Malicious insiders can do the most damage. Some of the countermeasures involve technical controls and on-the-job monitoring – for example, looking for spikes in data traffic leaving the network.
Other countermeasures touch on hiring practices and the principle of “least privilege.” For example, Snowden retained network administrative privileges from a previous position at the NSA, which facilitated his access.
In data-sensitive work environments, removable drives should be disabled if not physically destroyed. (Snowden apparently used his network privileges to get around NSA’s restrictions.)
Most insider breaches are caused inadvertently, and typically involve careless email use and Web browsing at work.
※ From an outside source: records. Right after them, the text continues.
Lemma Xrooted_pES_hole : z \in U ++ A -> x \in anT u -> Mrooted p (hs ++ U) A z ->
  (forall P0 U0 A0, Mctx P0 U0 A0 -> pdom P0 = dom p -> x \in A0 ->
     Xrooted (plugt P0 (fvar z)) U0 A0 x) ->
  Xrooted (pES p z u) (hs ++ U') A' x.
Proof.
move=> zUA xu [P0 [U0 [A0 [HM0 E0 zUA0 le0]]]] reroot.
have ui : is_inert_plus u.
  move: (es_sets_needed_shape es zUA); case/or3P=> [uv|//|/andP[/val_anT uv _]].
    by rewrite var_anT in xu.
  by rewrite uv in xu.
have P0p := plugt_pdom E0; have zP0 : z \notin pdom P0 by rewrite P0p.
have [xA0|xA0] := boolP (x \in A0).
  have [P2 [U2 [A2 [HX2 E2 xA2 le2]]]] := reroot P0 U0 A0 HM0 P0p xA0.
  have zUA2 : z \notin U2 ++ A2 by apply: contra zUA0; case: le2 => + _; apply.
  exists (pctxES P2 z u), U2, A2; split=> //.
  - by apply: Xctx_pctxES HX2 _ (es_sets_notin _ zUA2); rewrite (plugt_pdom E2) dom_plugt.
  - by rewrite plugt_pctxES E2 E0.
  - exact: sets_le_trans le2 (sets_le_es_notin es le0 zUA0).
have [H [HH Hu xH leH]] := inert_app_hole_at (inert_plus_inert ui) xu.
exists (progC (plugt P0 (fvar z)) z H), (sdel z U0 ++ unC H), (A0 ++ anC H); split.
- exact: X_holeM.
- by rewrite plugt_progC Hu E0.
- by move: xA0 xH; mem_solve.
- apply: (sets_le_es_hole es zUA le0 zUA0 _ leH) => a.
  by rewrite mem_sdel => /andP[].
Qed.

Lemma Xrooted_pES : x != z -> (z \in hs -> z \notin U ++ A -> is_val u) ->
  (x \in A -> Xrooted p (hs ++ U) A x) ->
  (z \in U ++ A -> x \in anT u -> Mrooted p (hs ++ U) A z) ->
  (z \in A -> u = fvar x -> Xrooted p (hs ++ U) A z) ->
  (forall P0 U0 A0, Mctx P0 U0 A0 -> pdom P0 = dom p -> x \in A0 ->
     Xrooted (plugt P0 (fvar z)) U0 A0 x) ->
  (forall P0 U0 A0, Xctx P0 U0 A0 -> pdom P0 = dom p -> x \in A0 ->
     Xrooted (plugt P0 (fvar z)) (z :: U0) A0 x) ->
  x \in A' -> Xrooted (pES p z u) (hs ++ U') A' x.
Proof.
move=> xz zval IHx IHzM IHzX rerootM rerootX; rewrite (mem_es_sets_A es) xz /=.
have [/andP[/andP[zA uv] xu] _|vplain] := boolP ((z \in A) && is_var u && (x \in nvT u)).
  by have ux := var_nvT uv xu; apply: Xrooted_pES_var (IHzX zA ux) rerootX.
have [/andP[zUA xu] _|iplain] := boolP ((z \in U ++ A) && (x \in anT u)).
  exact: Xrooted_pES_hole (IHzM zUA xu) rerootM.
by rewrite /= orbF => xA; apply: Xrooted_pES_append (IHx xA).
Qed.

End RootedES.

Lemma Mrooted_pES_fvar p U A z h x : z \notin A -> z \notin dom p -> x != h ->
  Mrooted p (z :: U) A x -> Mrooted (pES p z (fvar h)) (h :: sdel z U) A x.
Proof.
move=> zA zp xh [P0 [U0 [A0 [HM0 E0 xUA0 le0]]]].
have [U0' [A0' es]] := es_sets_fvar_some U0 A0 z h.
exists (pctxES P0 z (fvar h)), U0', A0'; split.
- by apply: Mctx_pctxES HM0 _ es; rewrite (plugt_pdom E0).
- by rewrite plugt_pctxES E0.
- by rewrite (mem_es_sets es) (negPf xUA0) andbF inE (negPf xh) andbF.
- exact: sets_le_hole_var es le0 zA.
Qed.

Lemma Xrooted_pES_fvar p U A z h x : z \notin A -> z \notin dom p -> x != h ->
  Xrooted p (z :: U) A x -> Xrooted (pES p z (fvar h)) (h :: sdel z U) A x.
Proof.
move=> zA zp xh [P0 [U0 [A0 [HX0 E0 xA0 le0]]]].
have [U0' [A0' es]] := es_sets_fvar_some U0 A0 z h.
exists (pctxES P0 z (fvar h)), U0', A0'; split.
- by apply: Xctx_pctxES HX0 _ es; rewrite (plugt_pdom E0).
- by rewrite plugt_pctxES E0.
- by rewrite (mem_es_sets_A es) (negPf xA0) andbF /= inE (negPf xh) !andbF.
- exact: sets_le_hole_var es le0 zA.
Qed.

Lemma Mrooted_hole P U A y H s x : Mctx P U A -> y \notin U ++ A -> isH H -> y \notin pdom P ->
  (x \in U ++ A -> Mrooted (plugt P (fvar y)) U A x) -> x \in (U ++ unC H) ++ (A ++ anC H) ->
  Mrooted (pES (plugt P (fvar y)) y (plugT H s)) (U ++ unC H) (A ++ anC H) x.
Proof.
move=> HM yUA HH yP IH; have [xUA _|xUA xUAH] := boolP (x \in U ++ A).
  have [P0 [U0 [A0 [HM0 E0 xUA0 le0]]]] := IH xUA.
  have yUA0 : y \notin U0 ++ A0 by apply: contra yUA; case: le0 => + _; apply.
  exists (pctxES P0 y (plugT H s)), U0, A0; split=> //.
  - by apply: Mctx_pctxES HM0 _ (es_sets_notin _ yUA0); rewrite (plugt_pdom E0) dom_plugt.
  - by rewrite plugt_pctxES E0.
  - exact: sets_le_catr.
have [|H0 [HH0 E0 xH0 le0]] := Hctx_hole_at s HH (x := x); first by move: xUAH xUA; mem_solve.
exists (progC (plugt P (fvar y)) y H0), (U ++ unC H0), (A ++ anC H0); split.
- exact: M_hole.
- by rewrite plugt_progC E0.
- by move: xUA xH0; mem_solve.
- exact: sets_le_cat.
Qed.

Lemma Xrooted_hole P U A y H s x : Mctx P U A -> y \notin U ++ A -> isH H -> y \notin pdom P ->
  (x \in A -> Xrooted (plugt P (fvar y)) U A x) -> x \in A ++ anC H ->
  Xrooted (pES (plugt P (fvar y)) y (plugT H s)) (U ++ unC H) (A ++ anC H) x.
Proof.
move=> HM yUA HH yP IH; have [xA _|xA xAH] := boolP (x \in A).
  have [P0 [U0 [A0 [HX0 E0 xA0 le0]]]] := IH xA.
  have yUA0 : y \notin U0 ++ A0 by apply: contra yUA; case: le0 => + _; apply.
  exists (pctxES P0 y (plugT H s)), U0, A0; split=> //.
  - by apply: Xctx_pctxES HX0 _ (es_sets_notin _ yUA0); rewrite (plugt_pdom E0) dom_plugt.
  - by rewrite plugt_pctxES E0.
  - exact: sets_le_catr.
have [|H0 [HH0 E0 xH0 [le1 le2]]] := Hctx_app_hole_at s HH (x := x).
  by move: xAH xA; mem_solve.
exists (progC (plugt P (fvar y)) y H0), (sdel y U ++ unC H0), (A ++ anC H0); split.
- exact: X_holeM.
- by rewrite plugt_progC E0.
- by move: xA xH0; mem_solve.
- by split=> a; move: (le1 a) (le2 a); mem_solve.
Qed.

Lemma Mctx_Mrooted P U A s x :
  Mctx P U A -> x \in U ++ A -> x \notin pdom P -> Mrooted (plugt P s) U A x.
Proof.
have [n] := ubnP (size (pdom P)); elim: n => // n IHn in P U A s x *; rewrite ltnS => Pn HM.
move: Pn; elim/Mctx_es_ind: P U A / HM s x =>
  [H HH|P U A z u U' A' HM _ zP es|P U A y H HM _ yUA HH yP] s x Pn xUA xP.
- have [H0 [HH0 E xH0 le]] := Hctx_hole_at s HH xUA.
  by exists (PC H0 [::]), (unC H0), (anC H0); split=> //; [apply: M_base | rewrite /= E].
- move: xP Pn; rewrite pdom_pctxES inE negb_or => /andP[xz xP] Pn.
  rewrite plugt_pctxES; apply: (Mrooted_pES (hs := [::]) es); rewrite ?dom_plugt //.
  + by move=> xUA'; apply: IHn.
  + by move=> zUA' _; apply: IHn.
  + by move=> P0 U0 A0 HM0 P0p xUA0; apply: IHn; rewrite ?P0p ?dom_plugt.
- move: xP Pn; rewrite pdom_progC inE negb_or dom_plugt => /andP[xy xP] Pn.
  rewrite plugt_progC; apply: Mrooted_hole => // xUA'; exact: IHn.
Qed.

Lemma Xctx_Mrooted P U A h x : Xctx P U A -> val_lookup P h -> x \in U ++ A -> x \notin pdom P ->
  x != h -> Mrooted (plugt P (fvar h)) (h :: U) A x.
Proof.
move=> HX; elim/Xctx_es_ind: P U A / HX h x =>
  [H HH|P U A y H HM yUA HH yP|P U A z u U' A' HX IH zP es|P U A z HX IH zA zP] h x hv xUA xP xh.
- have [H0 [HH0 E xH0 le]] := Hctx_hole_at (fvar h) (isHapp_isH HH) xUA.
  exists (PC H0 [::]), (unC H0), (anC H0); split=> //; first exact: M_base.
    by rewrite /= E.
  exact: sets_le_trans le (sets_le_cons _ _ _).
- move: xP; rewrite pdom_progC inE negb_or dom_plugt => /andP[xy xP].
  rewrite plugt_progC; apply: Mrooted_le (Mrooted_hole _ HM yUA (isHapp_isH HH) yP _ _).
  + by split=> a; move: yUA; mem_solve.
  + by move=> xUA'; apply: Mctx_Mrooted.
  + by move: xUA; mem_solve.
- move: xP; rewrite pdom_pctxES inE negb_or => /andP[xz xP].
  rewrite plugt_pctxES; apply: (Mrooted_pES (hs := [:: h]) es); rewrite ?dom_plugt //.
  + by rewrite inE => /eqP/(val_lookup_new hv).
  + by move=> xUA'; apply: IH => //; apply: val_lookup_pctxES hv.
  + move=> zUA xu; apply: IH => //; first exact: val_lookup_pctxES hv.
    apply/eqP=> /(val_lookup_new hv) /val_nvT uv; by rewrite uv in xu.
  + by move=> P0 U0 A0 HM0 P0p xUA0; apply: Mctx_Mrooted; rewrite ?P0p ?dom_plugt.
- move: xP; rewrite pdom_progC inE negb_or dom_plugt => /andP[xz xP].
  rewrite plugt_progC [plugT _ _]/=.
  apply: (Mrooted_pES_fvar (p := plugt P (fvar z)) (U := U) zA); rewrite ?dom_plugt //.
  by apply: IH xP xz; [apply: val_lookup_notin | move: xUA; mem_solve].
Qed.

(* Strong induction on the size of the domain: a re-rooted context has the same domain as
   the one it replaces, not a smaller one. *)
Definition Mctx_Xrooted_below n := forall P U A s x, size (pdom P) < n ->
  Mctx P U A -> x \in A -> x \notin pdom P -> Xrooted (plugt P s) U A x.

Definition Xctx_Xrooted_below n := forall P U A h x, size (pdom P) < n ->
  Xctx P U A -> val_lookup P h -> x \in A -> x \notin pdom P -> x != h ->
  Xrooted (plugt P (fvar h)) (h :: U) A x.

Lemma Mctx_Xrooted_step n :
  Mctx_Xrooted_below n -> Xctx_Xrooted_below n -> Mctx_Xrooted_below n.+1.
Proof.
move=> IHM IHX P U A s x; rewrite ltnS => Pn HM; move: Pn.
elim/Mctx_es_ind: P U A / HM s x => [H HH|P U A z u U' A' HM _ zP es|P U A y H HM _ yUA HH yP]
  s x Pn xA xP.
- have [H0 [HH0 E xH0 le]] := Hctx_app_hole_at s HH xA.
  by exists (PC H0 [::]), (unC H0), (anC H0); split=> //; [apply: X_base | rewrite /= E].
- move: xP Pn; rewrite pdom_pctxES inE negb_or => /andP[xz xP] Pn.
  rewrite plugt_pctxES; apply: (Xrooted_pES (hs := [::]) es); rewrite ?dom_plugt //.
  + by move=> xA'; apply: IHM.
  + by move=> zUA _; apply: Mctx_Mrooted.
  + by move=> zA _; apply: IHM.
  + by move=> P0 U0 A0 HM0 P0p xA0; apply: IHM; rewrite ?P0p ?dom_plugt.
  + move=> P0 U0 A0 HX0 P0p xA0; apply: IHX; rewrite ?P0p ?dom_plugt //.
    by apply: val_lookup_notin; rewrite P0p.
- move: xP Pn; rewrite pdom_progC inE negb_or dom_plugt => /andP[xy xP] Pn.
  rewrite plugt_progC; apply: Xrooted_hole => // xA'; exact: IHM.
Qed.

Lemma Xctx_Xrooted_step n :
  Mctx_Xrooted_below n -> Xctx_Xrooted_below n -> Xctx_Xrooted_below n.+1.
Proof.
move=> IHM IHX P U A h x; rewrite ltnS => Pn HX; move: Pn.
elim/Xctx_es_ind: P U A / HX h x =>
  [H HH|P U A y H HM yUA HH yP|P U A z u U' A' HX _ zP es|P U A z HX _ zA zP] h x Pn hv xA xP xh.
- have [H0 [HH0 E xH0 le]] := Hctx_app_hole_at (fvar h) (isHapp_isH HH) xA.
  exists (PC H0 [::]), (unC H0), (anC H0); split=> //; first exact: X_base.
    by rewrite /= E.
  exact: sets_le_trans le (sets_le_cons _ _ _).
- move: xP Pn; rewrite pdom_progC inE negb_or dom_plugt => /andP[xy xP] Pn.
  rewrite plugt_progC; apply: Xrooted_le (Xrooted_hole _ HM yUA (isHapp_isH HH) yP _ xA).
    by split=> a; move: yUA; mem_solve.
  by move=> xA'; apply: IHM.
- move: xP Pn; rewrite pdom_pctxES inE negb_or => /andP[xz xP] Pn.
  have hv' := val_lookup_pctxES hv.
  have zh : ~~ is_val u -> z != h by apply: contra => /eqP/(val_lookup_new hv).
  rewrite plugt_pctxES; apply: (Xrooted_pES (hs := [:: h]) es); rewrite ?dom_plugt //.
  + by rewrite inE => /eqP/(val_lookup_new hv).
  + by move=> xA'; apply: IHX.
  + move=> zUA xu; apply: Xctx_Mrooted => //; apply: zh.
    by apply: contraTN xu => /val_anT ->.
  + by move=> zA' ux; apply: IHX => //; apply: zh; rewrite ux.
  + by move=> P0 U0 A0 HM0 P0p xA0; apply: IHM; rewrite ?P0p ?dom_plugt.
  + move=> P0 U0 A0 HX0 P0p xA0; apply: IHX; rewrite ?P0p ?dom_plugt //.
    by apply: val_lookup_notin; rewrite P0p.
- move: xP Pn; rewrite pdom_progC inE negb_or dom_plugt => /andP[xz xP] Pn.
  rewrite plugt_progC [plugT _ _]/=.
  apply: (Xrooted_pES_fvar (p := plugt P (fvar z)) (U := U) zA); rewrite ?dom_plugt //.
  by apply: IHX xP xz => //; apply: val_lookup_notin.
Qed.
Employees should be trained to guard against phishing attacks. Bay recommends conducting drills using fake phishing emails. “Rickroll them, if you will,” he said.
Another potential problem involves unauthorized use of online file-sharing services. Bay recommends blocking access to such sites as Google Drive or Dropbox from corporate networks unless the company specifically uses them for its own purposes.